Orfeu Bertolami (São Paulo, Brazil, 1959) is a theoretical physicist who works in problems of astrophysics, cosmology, general relativity and quantum gravity. He worked at Instituto Superior Técnico in Lisbon, Portugal from 1991 to 2010. He is currently professor at Departamento de Física e Astronomia of the Faculdade de Ciências da Universidade do Porto.

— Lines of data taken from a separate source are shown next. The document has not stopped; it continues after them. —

(* If mu represents beta then p^T M(3) p is the integral of p^2, so every cubic p
   with p(X,Y) = 0 vanishes mu-almost everywhere: mu is carried by V, and for p vanishing on
   V each entry of p(X,Y), an integral of p times a monomial, is 0.  This direction uses none
   of the other hypotheses.

   Conversely, as B2 is a basis of the column space, ker M(3) is spanned by three cubics
   P1, P2, P3 with leading forms x^3 + A x^2y, xy^2 + B x^2y and y^3 + C x^2y.  If
   1 - AB <> 0 or B + AC <> 0, the products of these forms with x and y span all quartic
   forms, so modulo the ideal (P1, P2, P3) every polynomial of degree <= 6 is congruent to a
   cubic, simultaneously for the Riesz functional L_beta and for evaluation at the seven
   points z_k of V.  Otherwise the three leading forms vanish at (1, -B); the functional
   f |-> (leading form of f)(1, -B) then kills ker M(3), which weak consistency identifies
   with the cubics vanishing on V, hence it is a combination sum_k l_k f(z_k).  Comparing it
   on the quadratics multiplied by x and by y puts the points charged by l on a line on which
   every P_i vanishes, so V would be infinite.  Finally, with Lagrange cubics q_k at the z_k,
   M(3) = E^T W E where E evaluates at the z_k and W_km = L_beta(q_k q_m); since q_k q_m
   reduces to a cubic vanishing on V, W is diagonal, with nonnegative diagonal as M(3) is
   positive semidefinite, and beta is the moment sequence of sum_k W_kk delta_(z_k). *)

From HB Require Import structures.
From mathcomp Require Import all_boot all_order all_algebra.
From mathcomp Require Import all_classical all_reals all_analysis.
From mathcomp Require Import measurable_realfun.
From mathcomp.algebra_tactics Require Import ring.
From mathcomp.zify Require Import zify.
Set Implicit Arguments. Unset Strict Implicit. Unset Printing Implicit Defensive.
Import Order.TTheory GRing.Theory Num.Theory.
Local Open Scope ring_scope.

Definition m1 : 'I_10 := @Ordinal 10 0 isT.
Definition mX : 'I_10 := @Ordinal 10 1 isT.
Definition mY : 'I_10 := @Ordinal 10 2 isT.
Definition mX2 : 'I_10 := @Ordinal 10 3 isT.
Definition mXY : 'I_10 := @Ordinal 10 4 isT.
Definition mY2 : 'I_10 := @Ordinal 10 5 isT.
Definition mX3 : 'I_10 := @Ordinal 10 6 isT.
Definition mX2Y : 'I_10 := @Ordinal 10 7 isT.
Definition mXY2 : 'I_10 := @Ordinal 10 8 isT.
Definition mY3 : 'I_10 := @Ordinal 10 9 isT.

Lemma big_ord10 (V : zmodType) (F : 'I_10 -> V) : \sum_(g < 10) F g =
  F m1 + F mX + F mY + F mX2 + F mXY + F mY2 + F mX3 + F mX2Y + F mXY2 + F mY3.
Proof.
rewrite !big_ord_recr big_ord0 /= add0r.
by repeat congr (_ + _); congr F; apply: val_inj.
Qed.

Lemma mono_deg (g : 'I_10) : ((mono g).1 + (mono g).2 <= 3)%N.
Proof. by case: g => [[|[|[|[|[|[|[|[|[|[|//]]]]]]]]]] ?]. Qed.

Lemma mono_onto (i j : nat) : (i + j <= 3)%N -> exists g : 'I_10, mono g = (i, j).
Proof.
case: i => [|[|[|[|//]]]]; case: j => [|[|[|[|//]]]] // _.
- by exists m1. - by exists mY. - by exists mY2. - by exists mY3.
- by exists mX. - by exists mXY. - by exists mXY2.
- by exists mX2. - by exists mX2Y. - by exists mX3.
Qed.

Lemma mono_split i j : (i + j <= 6)%N ->
  exists a b : 'I_10, ((mono a).1 + (mono b).1 = i)%N /\ ((mono a).2 + (mono b).2 = j)%N.
Proof.
move=> hij; pose i1 := minn i 3; pose j1 := minn j (3 - i1).
have [a ea] : exists a, mono a = (i1, j1) by apply: mono_onto; lia.
have [b eb] : exists b, mono b = (i - i1, j - j1)%N by apply: mono_onto; lia.
by exists a, b; rewrite ea eb /=; split; lia.
Qed.

Lemma M3E (R : comNzRingType) (beta : nat -> nat -> R) (f : 'cV[R]_10) (r : 'I_10) :
  (M3 beta *m f) r 0 =
  \sum_(g < 10) f g 0 * beta ((mono g).1 + (mono r).1)%N ((mono g).2 + (mono r).2)%N.
Proof.
rewrite mxE; apply: eq_bigr => g _.
by rewrite /M3 mxE mulrC addnC [((mono r).2 + _)%N]addnC.
Qed.

Section ColumnSelection.
Variable F : fieldType.
Variables (m n : nat) (s : 'I_n -> 'I_m).

Lemma colsubEmul k (A : 'M[F]_(k, m)) : colsub s A = A *m colsub s 1%:M.
Proof. by rewrite mulmx_colsub mulmx1. Qed.

Lemma colsub1_mul_notin (v : 'cV[F]_n) g :
  g \notin codom s -> (colsub s 1%:M *m v) g 0 = 0.
Proof.
move=> gs; rewrite mxE big1 // => k _; rewrite !mxE.
have [eg|_] := eqVneq g (s k); last by rewrite mul0r.
by rewrite eg codom_f in gs.
Qed.

Hypothesis s_inj : injective s.

Lemma colsub1_mul_at (v : 'cV[F]_n) k : (colsub s 1%:M *m v) (s k) 0 = v k 0.
Proof.
rewrite mxE (bigD1 k) //= !mxE eqxx mul1r big1 ?addr0 // => l lk.
by rewrite !mxE (inj_eq s_inj) eq_sym (negbTE lk) mul0r.
Qed.

Lemma colsub1_mul_rowsub (f : 'cV[F]_m) :
  (forall g, g \notin codom s -> f g 0 = 0) -> colsub s 1%:M *m rowsub s f = f.
Proof.
move=> fs; apply/matrixP => g j; rewrite ord1.
have [/codomP[k ->]|gs] := boolP (g \in codom s); last by rewrite colsub1_mul_notin // fs.
by rewrite colsub1_mul_at mxE.
Qed.

Lemma colsub_free_kernel k (A : 'M[F]_(k, m)) (f : 'cV[F]_m) :
  row_free (colsub s A)^T -> A *m f = 0 ->
  (forall g, g \notin codom s -> f g 0 = 0) -> f = 0.
Proof.
move=> free Af fs; rewrite -(colsub1_mul_rowsub fs).
have : colsub s A *m rowsub s f = 0 by rewrite colsubEmul -mulmxA colsub1_mul_rowsub.
move=> /(congr1 trmx); rewrite trmx_mul trmx0 => /eqP.
by rewrite mulmx_free_eq0 // trmx_eq0 => /eqP ->; rewrite mulmx0.
Qed.

End ColumnSelection.

Lemma colsub_span_kernel (F : fieldType) k m n (s : 'I_n -> 'I_m) (A : 'M[F]_(k, m)) :
  (A^T <= (colsub s A)^T)%MS ->
  forall c, exists v : 'cV[F]_n, A *m (delta_mx c 0 - colsub s 1%:M *m v) = 0.
Proof.
move=> /submxP[D eD] c; exists (col c D^T).
have eA : A = colsub s A *m D^T by rewrite -[LHS]trmxK eD trmx_mul trmxK.
by rewrite mulmxBr mulmxA -colsubEmul {1}eA -mulmxA -colE subrr.
Qed.

Section RowSpaces.
Variable F : fieldType.

Lemma mulmx_col_entry m n p (A : 'M[F]_(m, n)) (B : 'M[F]_(n, p)) i j :
  (A *m B) i j = (A *m col j B) i 0.
Proof. by rewrite !mxE; apply: eq_bigr => k _; rewrite !mxE. Qed.

Lemma row_span_of_ker m n (E : 'M[F]_(m, n)) (r : 'rV[F]_n) :
  (forall f : 'cV[F]_n, E *m f = 0 -> r *m f = 0) -> exists l : 'rV[F]_m, r = l *m E.
Proof.
move=> H; apply/submxP; rewrite submxE; apply/eqP/matrixP => i j.
rewrite mulmx_col_entry H ?mxE //.
by apply/matrixP => a b; rewrite ord1 -mulmx_col_entry mulmx_coker !mxE.
Qed.

Lemma rank1_proportional m n (U : 'M[F]_(m, n)) (u v : 'rV[F]_n) :
  \rank U = 1%N -> (u <= U)%MS -> (v <= U)%MS -> u != 0 -> exists k : F, v = k *: u.
Proof.
move=> rU uU vU u0.
have Uu : (U <= u)%MS by have := mxrank_leqif_sup uU; rewrite rU rank_rV u0 => -[_ <-].
have /submxP[D ->] := submx_trans vU Uu.
by exists (D 0 0); apply/rowP => j; rewrite !mxE big_ord1.
Qed.

End RowSpaces.

Lemma widen_ord_inj n m (le : (n <= m)%N) : injective (widen_ord le).
Proof. by move=> i j e; apply: val_inj; exact: (congr1 val e). Qed.

Lemma widen_ord_codom n m (le : (n <= m)%N) (g : 'I_m) :
  (g \in codom (widen_ord le)) = (g < n)%N.
Proof.
apply/codomP/idP => [[i ->]|gn]; first exact: (ltn_ord i).
by exists (Ordinal gn); apply: val_inj.
Qed.

Lemma pd_block_ker (R : realFieldType) m n (le : (n <= m)%N) (A : 'M[R]_m) (f : 'cV[R]_m) :
  pd_mx (mxsub (widen_ord le) (widen_ord le) A) ->
  (forall g : 'I_m, (n <= g)%N -> f g 0 = 0) -> A *m f = 0 -> f = 0.
Proof.
move=> [_ pd] fn Af; set w := widen_ord le.
have ef : colsub w 1%:M *m rowsub w f = f.
  apply: colsub1_mul_rowsub => [|g]; first exact: widen_ord_inj.
  by rewrite widen_ord_codom -leqNgt; exact: fn.
have Bc : mxsub w w A *m rowsub w f = 0.
  rewrite -[A]mulmx1 mxsub_mul mul_rowsub_mx mul_rowsub_mx -mulmxA ef Af.
  by apply/matrixP => i j; rewrite !mxE.
have [c0|/pd] := eqVneq (rowsub w f) 0; first by rewrite -ef c0 mulmx0.
by rewrite -mulmxA Bc mulmx0 mxE ltxx.
Qed.

Lemma sym_factor (F : fieldType) n m (M : 'M[F]_m) (E : 'M[F]_(n, m)) (L : 'M[F]_(m, n)) :
  M^T = M -> M *m (1%:M - L *m E) = 0 -> M = E^T *m (L^T *m M *m L) *m E.
Proof.
move=> Msym; rewrite mulmxBr mulmx1 => /eqP; rewrite subr_eq0 => /eqP ML.
have MT : M = E^T *m L^T *m M by rewrite -{1}Msym {1}ML !trmx_mul Msym.
by rewrite !mulmxA -MT -mulmxA -ML.
Qed.

(* A polynomial of degree <= 6 is a coefficient function h : nat -> nat -> R, of which only
   the h a b with a + b <= 6 matter, and a cubic is a column f : 'cV_10 indexed by mono.
   riesz m h pairs h with the moment sequence m: riesz beta is L_beta and riesz (mom_pt z)
   is evaluation at z. *)
Section Sextics.
Variable R : comNzRingType.
Implicit Types (m h : nat -> nat -> R) (f g p : 'cV[R]_10) (z : R * R).

Definition riesz m h : R :=
  \sum_(a < 7) \sum_(b < 7) (if (a + b <= 6)%N then h a b * m a b else 0).

Definition mom_pt z (a b : nat) : R := z.1 ^+ a * z.2 ^+ b.

Definition monom (i j a b : nat) : R := if (a == i) && (b == j) then 1 else 0.

Definition mulXY f (c1 c2 a b : nat) : R :=
  \sum_(g < 10) (if ((mono g).1 + c1 == a)%N && ((mono g).2 + c2 == b)%N then f g 0 else 0).
Lemma frob_dot_sandwich_hadamard_le m p (P : 'M[R]_m) (G : 'M[R]_p) (U h : 'M[R]_(m, p)) :
  P^T = P -> G^T = G -> mx_nonneg P -> mx_nonneg G -> mx_nonneg U ->
  frob_dot (P *m hadamard U h *m G) (hadamard U h)
  <= \sum_a \sum_b (P *m U *m G) a b * U a b * h a b ^+ 2.
Proof.
move=> Ps Gs P0 G0 U0; rewrite frob_dotE !pair_bigA /=.
pose K (x y : 'I_m * 'I_p) := P x.1 y.1 * G y.2 x.2.
have Ks x y : K x y = K y x by rewrite /K -{1}Ps -{1}Gs !mxE mulrC.
have K0 x y : 0 <= K x y by rewrite mulr_ge0.
have := @quad_form_le_diag _ K (fun x => U x.1 x.2) (fun x => h x.1 x.2) Ks K0 (fun x => U0 _ _).
congr (_ <= _); apply: eq_bigr => x _; rewrite mulmx3E /=.
  by rewrite big_distrl; apply: eq_bigr => y _; rewrite /K !mxE.
by congr (_ * _ * _); apply: eq_bigr => y _.
Qed.

Lemma frob_dot_hadamard_le m p (P : 'M[R]_m) (G W : 'M[R]_p) (U h : 'M[R]_(m, p)) :
  P^T = P -> G^T = G -> W^T = W ->
  mx_nonneg P -> mx_nonneg G -> mx_nonneg W -> mx_nonneg U ->
  frob_dot (P *m hadamard U h *m G) (hadamard U h)
    + frob_dot (hadamard U h *m W) (hadamard U h)
  <= \sum_a \sum_b (P *m U *m G + U *m W) a b * U a b * h a b ^+ 2.
Proof.
move=> Ps Gs Ws P0 G0 W0 U0.
have kP := frob_dot_sandwich_hadamard_le h Ps Gs P0 G0 U0.
have kW := frob_dot_sandwich_hadamard_le h (@trmx1 R m) Ws (@mx_nonneg1 R m) W0 U0.
rewrite !mul1mx in kW.
under eq_bigr do under eq_bigr do rewrite mxE !mulrDl.
under eq_bigr do rewrite big_split.
by rewrite big_split lerD.
Qed.

End Majorisation.

Section Frobenius.
Variable R : rcfType.

Lemma sqr_frob m n (M : 'M[R]_(m, n)) : frob M ^+ 2 = frob_dot M M.
Proof.
rewrite /frob sqr_sqrtr ?frob_dotE; last first.
  by apply: sumr_ge0 => i _; apply: sumr_ge0 => j _; apply: sqr_ge0.
by apply: eq_bigr => i _; apply: eq_bigr => j _; rewrite expr2.
Qed.

Lemma frob_trmx m n (M : 'M[R]_(m, n)) : frob M^T = frob M.
Proof.
rewrite /frob exchange_big; congr Num.sqrt.
by apply: eq_bigr => i _; apply: eq_bigr => j _; rewrite mxE.
Qed.

Lemma sqr_frob_mulmx_residual_add m n r p (C : 'M[R]_(p, m)) (X : 'M[R]_(m, n))
    (U D : 'M[R]_(m, r)) (V : 'M[R]_(n, r)) :
  frob (C *m (X - (U + D) *m V^T)) ^+ 2 =
  frob (C *m (X - U *m V^T)) ^+ 2 - 2 * frob_dot (C^T *m C *m (X - U *m V^T) *m V) D
  + frob_dot (C^T *m C *m D *m (V^T *m V)) D.
Proof.
have -> : C *m (X - (U + D) *m V^T) = C *m (X - U *m V^T) - C *m D *m V^T.
  by rewrite mulmxDl opprD addrA mulmxDr mulmxN mulmxA.
rewrite !sqr_frob frob_dot_subsq; congr (_ - 2 * _ + _).
  by rewrite frob_dotC frob_dot_mulr frob_dot_mull trmxK frob_dotC !mulmxA.
by rewrite frob_dot_mulr trmxK frob_dot_mull frob_dotC !mulmxA.
Qed.

Lemma sqr_frob_residual_mulmx_add m n r p (C : 'M[R]_(n, p)) (X : 'M[R]_(m, n))
    (U D : 'M[R]_(m, r)) (V : 'M[R]_(n, r)) :
  frob ((X - (U + D) *m V^T) *m C) ^+ 2 =
  frob ((X - U *m V^T) *m C) ^+ 2 - 2 * frob_dot ((X - U *m V^T) *m C *m C^T *m V) D
  + frob_dot (D *m (V^T *m (C *m C^T) *m V)) D.
Proof.
have -> : (X - (U + D) *m V^T) *m C = (X - U *m V^T) *m C - D *m V^T *m C.
  by rewrite (mulmxDl U D) opprD addrA mulmxBl.
rewrite !sqr_frob frob_dot_subsq; congr (_ - 2 * _ + _).
  by rewrite frob_dotC 2!frob_dot_mulr trmxK frob_dotC.
by rewrite 2!frob_dot_mulr trmxK frob_dotC !mulmxA.
Qed.

End Frobenius.

Section UpdateU.
Variables (R : rcfType) (m n r s t : nat) (k : 'I_s -> nat) (l : 'I_t -> nat).
Variables (XA : 'I_s -> 'M[R]_(m, n)) (XB : 'I_t -> 'M[R]_(m, n)).
Variables (A : forall i : 'I_s, 'M[R]_(k i, m)) (B : forall j : 'I_t, 'M[R]_(n, l j)).

Local Notation F := (objF XA XB A B).
Local Notation SA := (\sum_(i < s) ((A i)^T *m A i)).
Local Notation SB := (\sum_(j < t) (B j *m (B j)^T)).

Lemma objF_addU (U D : 'M[R]_(m, r)) (V : 'M[R]_(n, r)) :
  F (U + D) V = F U V - frob_dot (numU XA XB A B U V - denU A B U V) D
    + 2^-1 * (frob_dot (SA *m D *m (V^T *m V)) D + frob_dot (D *m (V^T *m SB *m V)) D).
Proof.
rewrite /objF.
under eq_bigr do rewrite sqr_frob_mulmx_residual_add.
under [X in _ + 2^-1 * X]eq_bigr do rewrite sqr_frob_residual_mulmx_add.
rewrite !big_split /= !sumrN -!mulr_sumr.
have -> : numU XA XB A B U V - denU A B U V =
    \sum_(i < s) ((A i)^T *m A i *m (XA i - U *m V^T) *m V)
    + \sum_(j < t) ((XB j - U *m V^T) *m B j *m (B j)^T *m V).
  rewrite /numU /denU opprD addrACA -!sumrB.
  congr (_ + _); apply: eq_bigr => i _; last by rewrite !mulmxBl.
  by rewrite mulmxBr mulmxBl !mulmxA.
rewrite frob_dotDl !frob_dot_suml !mulmx_suml mulmx_sumr mulmx_suml mulmx_sumr.
by rewrite !frob_dot_suml; field.
Qed.

Lemma denU_factor (U : 'M[R]_(m, r)) (V : 'M[R]_(n, r)) :
  denU A B U V = SA *m U *m (V^T *m V) + U *m (V^T *m SB *m V).
Proof.
rewrite /denU !mulmx_suml mulmx_sumr mulmx_suml mulmx_sumr.
by congr (_ + _); apply: eq_bigr => i _; rewrite !mulmxA.
Qed.

Lemma numU_factor (U : 'M[R]_(m, r)) (V : 'M[R]_(n, r)) :
  numU XA XB A B U V = (\sum_(i < s) ((A i)^T *m A i *m XA i)) *m V
    + (\sum_(j < t) (XB j *m B j *m (B j)^T)) *m V.
Proof. by rewrite !mulmx_suml. Qed.

Lemma objF_updateU_le (U : 'M[R]_(m, r)) (V : 'M[R]_(n, r)) :
  mx_nonneg U -> mx_nonneg V -> mx_nonneg SA -> mx_nonneg SB ->
  mx_pos (denU A B U V) ->
  F (hadamard U (ediv (numU XA XB A B U V) (denU A B U V))) V <= F U V.
Proof.
move=> U0 V0 SA0 SB0 Dpos.
set N := numU XA XB A B U V; set D := denU A B U V.
have Dnz a b : D a b != 0 by rewrite gt_eqF.
pose h := \matrix_(a, b) ((N a b - D a b) / D a b).
have -> : hadamard U (ediv N D) = U + hadamard U h.
  by apply/matrixP => a b; have := Dnz a b; rewrite !mxE => ?; field.
rewrite objF_addU -/N -/D.
set S := \sum_a \sum_b D a b * U a b * h a b ^+ 2.
have -> : frob_dot (N - D) (hadamard U h) = S.
  rewrite frob_dotE; apply: eq_bigr => a _; apply: eq_bigr => b _.
  by have := Dnz a b; rewrite !mxE => ?; field.
have S0 : 0 <= S.
  apply: sumr_ge0 => a _; apply: sumr_ge0 => b _.
  by rewrite mulr_ge0 ?sqr_ge0 // mulr_ge0 // ltW.
have SAs : SA^T = SA.
  by rewrite linear_sum; apply: eq_bigr => i _; rewrite /= trmx_mul trmxK.
have SBs : SB^T = SB.
  by rewrite linear_sum; apply: eq_bigr => j _; rewrite /= trmx_mul trmxK.
have Gs : (V^T *m V)^T = V^T *m V by rewrite trmx_mul trmxK.
have Ws : (V^T *m SB *m V)^T = V^T *m SB *m V by rewrite !trmx_mul trmxK SBs mulmxA.
have G0 : mx_nonneg (V^T *m V) by apply: mx_nonneg_mul => //; apply: mx_nonneg_tr.
have W0 : mx_nonneg (V^T *m SB *m V).
  by do 2 apply: mx_nonneg_mul => //; apply: mx_nonneg_tr.
have := frob_dot_hadamard_le h SAs Gs Ws SA0 G0 W0 U0.
rewrite -denU_factor -/D -/S; lra.
Qed.

Lemma mx_nonneg_numU (U : 'M[R]_(m, r)) (V : 'M[R]_(n, r)) :
  mx_nonneg V -> mx_nonneg (\sum_(i < s) ((A i)^T *m A i *m XA i)) ->
  mx_nonneg (\sum_(j < t) (XB j *m B j *m (B j)^T)) ->
  mx_nonneg (numU XA XB A B U V).
Proof.
by move=> V0 SX0 XS0; rewrite numU_factor; apply: mx_nonneg_add; apply: mx_nonneg_mul.
Qed.

End UpdateU.

Section UpdateV.
Variables (R : rcfType) (m n r s t : nat) (k : 'I_s -> nat) (l : 'I_t -> nat).
Variables (XA : 'I_s -> 'M[R]_(m, n)) (XB : 'I_t -> 'M[R]_(m, n)).
Variables (A : forall i : 'I_s, 'M[R]_(k i, m)) (B : forall j : 'I_t, 'M[R]_(n, l j)).

Local Notation F := (objF XA XB A B).
Local Notation XAt := (fun j => (XB j)^T).
Local Notation XBt := (fun i => (XA i)^T).
Local Notation At := (fun j => (B j)^T).
Local Notation Bt := (fun i => (A i)^T).

Lemma objF_trmx (U : 'M[R]_(m, r)) (V : 'M[R]_(n, r)) :
  F U V = objF XAt XBt At Bt V U.
Proof.
rewrite /objF addrC; congr (_ * _ + _ * _); apply: eq_bigr => i _;
  by rewrite -frob_trmx trmx_mul linearB /= trmx_mul trmxK.
Qed.

Lemma numV_trmx (U : 'M[R]_(m, r)) (V : 'M[R]_(n, r)) :
  numV XA XB A B U V = numU XAt XBt At Bt V U.
Proof. by rewrite /numV /numU addrC; congr (_ + _); apply: eq_bigr => i _; rewrite !trmxK. Qed.

Lemma denV_trmx (U : 'M[R]_(m, r)) (V : 'M[R]_(n, r)) :
  denV A B U V = denU At Bt V U.
Proof. by rewrite /denV /denU addrC; congr (_ + _); apply: eq_bigr => i _; rewrite !trmxK. Qed.

Lemma objF_updateV_le (U : 'M[R]_(m, r)) (V : 'M[R]_(n, r)) :
  mx_nonneg U -> mx_nonneg V ->
  mx_nonneg (\sum_(i < s) ((A i)^T *m A i)) ->
  mx_nonneg (\sum_(j < t) (B j *m (B j)^T)) ->
  mx_pos (denV A B U V) ->
  F U (hadamard V (ediv (numV XA XB A B U V) (denV A B U V))) <= F U V.
Proof.
move=> U0 V0 SA0 SB0 Dpos.
rewrite numV_trmx denV_trmx !objF_trmx; apply: objF_updateU_le => //.
- by under eq_bigr do rewrite trmxK.
- by under eq_bigr do rewrite trmxK.
- by rewrite -denV_trmx.
Qed.

Lemma mx_nonneg_numV (U : 'M[R]_(m, r)) (V : 'M[R]_(n, r)) :
  mx_nonneg U -> mx_nonneg (\sum_(i < s) ((A i)^T *m A i *m XA i)) ->
  mx_nonneg (\sum_(j < t) (XB j *m B j *m (B j)^T)) ->
  mx_nonneg (numV XA XB A B U V).
Proof.
move=> U0 SX0 XS0; rewrite numV_trmx; apply: mx_nonneg_numU => //.
- rewrite (eq_bigr (fun j => (XB j *m B j *m (B j)^T)^T)) -?linear_sum.
    exact: mx_nonneg_tr.
  by move=> j _; rewrite !trmx_mul trmxK mulmxA.
- rewrite (eq_bigr (fun i => ((A i)^T *m A i *m XA i)^T)) -?linear_sum.
    exact: mx_nonneg_tr.
  by move=> i _; rewrite !trmx_mul trmxK mulmxA.
Qed.

End UpdateV.

Theorem mainTheorem7 (R : rcfType) (m n r s t : nat)
  (k : 'I_s -> nat) (l : 'I_t -> nat)
  (XA : 'I_s -> 'M[R]_(m, n)) (XB : 'I_t -> 'M[R]_(m, n))
  (A : forall i : 'I_s, 'M[R]_(k i, m)) (B : forall j : 'I_t, 'M[R]_(n, l j))
  (U : 'M[R]_(m, r)) (V : 'M[R]_(n, r)) :
  mx_nonneg U -> mx_nonneg V ->
  mx_nonneg (\sum_(i < s) ((A i)^T *m A i)) ->
  mx_nonneg (\sum_(j < t) (B j *m (B j)^T)) ->
  mx_nonneg (\sum_(i < s) ((A i)^T *m A i *m XA i)) ->
  mx_nonneg (\sum_(j < t) (XB j *m B j *m (B j)^T)) ->
  mx_pos (denU A B U V) -> mx_pos (denV A B U V) ->
  let U' := hadamard U (ediv (numU XA XB A B U V) (denU A B U V)) in
  let V' := hadamard V (ediv (numV XA XB A B U V) (denV A B U V)) in
  [/\ mx_nonneg U', mx_nonneg V',
      objF XA XB A B U' V <= objF XA XB A B U V
    & objF XA XB A B U V' <= objF XA XB A B U V].
Proof.
move=> U0 V0 SA0 SB0 SX0 XS0 DU DV U' V'; split.
- by apply: mx_nonneg_hadamard_ediv => //; apply: mx_nonneg_numU.
- by apply: mx_nonneg_hadamard_ediv => //; apply: mx_nonneg_numV.
- exact: objF_updateU_le.
- exact: objF_updateV_le.
Qed.
Lemma gequiv_refl : reflexive gequiv.
Proof. by move=> x; rewrite /gequiv gle_refl. Qed.

Lemma gequiv_trans : transitive gequiv.
Proof.
move=> y x z /andP[xy yx] /andP[yz zy].
by apply/andP; split; [apply: gle_trans xy yz | apply: gle_trans zy yx].
Qed.

Lemma gequiv_Game L R L' R' :
  {in L, forall x, exists2 y, y \in L' & gequiv x y} ->
  {in L', forall y, exists2 x, x \in L & gequiv x y} ->
  {in R, forall x, exists2 y, y \in R' & gequiv x y} ->
  {in R', forall y, exists2 x, x \in R & gequiv x y} ->
  gequiv (Game L R) (Game L' R').
Proof.
move=> LL' L'L RR' R'R; apply/andP; split; apply: gle_of_opts => t /=.
- by case/LL' => y ? /andP[le_ty _]; exists y.
- by case/R'R => x ? /andP[le_xt _]; exists x.
- by case/L'L => x ? /andP[_ le_tx]; exists x.
- by case/RR' => y ? /andP[_ le_yt]; exists y.
Qed.

Lemma gequiv_delete_dominated_left x y L L' R :
  perm_eq L (x :: L') -> y \in L' -> gle x y -> gequiv (Game L' R) (Game L R).
Proof.
move=> /perm_mem eqL yL' le_xy; apply/andP; split; apply: gle_of_opts => t /=.
- by move=> tL'; exists t; [rewrite eqL inE tL' orbT | exact: gle_refl].
- by move=> tR; exists t; last exact: gle_refl.
- rewrite eqL inE => /predU1P[-> | tL']; first by exists y.
  by exists t; last exact: gle_refl.
- by move=> tR; exists t; last exact: gle_refl.
Qed.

He is the author of a book to raise the awareness of the public on science about the history of ideas in astronomy, cosmology and theories of gravity (in Portuguese) and of a technical text on the aspects of gravity and propulsion in space published by the European Space Agency:

- O Livro das Escolhas Cósmicas, Editora Gradiva 2006
- Gravity Control and Possible Influence on Space Propulsion: A Scientific Study, European Space Agency 2002

In particular, Bertolami studied baryogengesis, the cosmological constant problem and its connection with the equivalence principle, the generalized Chaplygin gas model of unification of Dark Energy (to explain the cosmic acceleration) and Dark Matter (to explain the flattening of the rotation curves of galaxies) and some Modified models of gravity with non-minimal coupling between curvature and matter. He has also worked on the Pioneer Anomaly, which was shown to be most likely due to
on-board thermal effects and reflection of the generated radiation. Most recent work concerns extensions of quantum mechanics based on phase-space noncommutativity.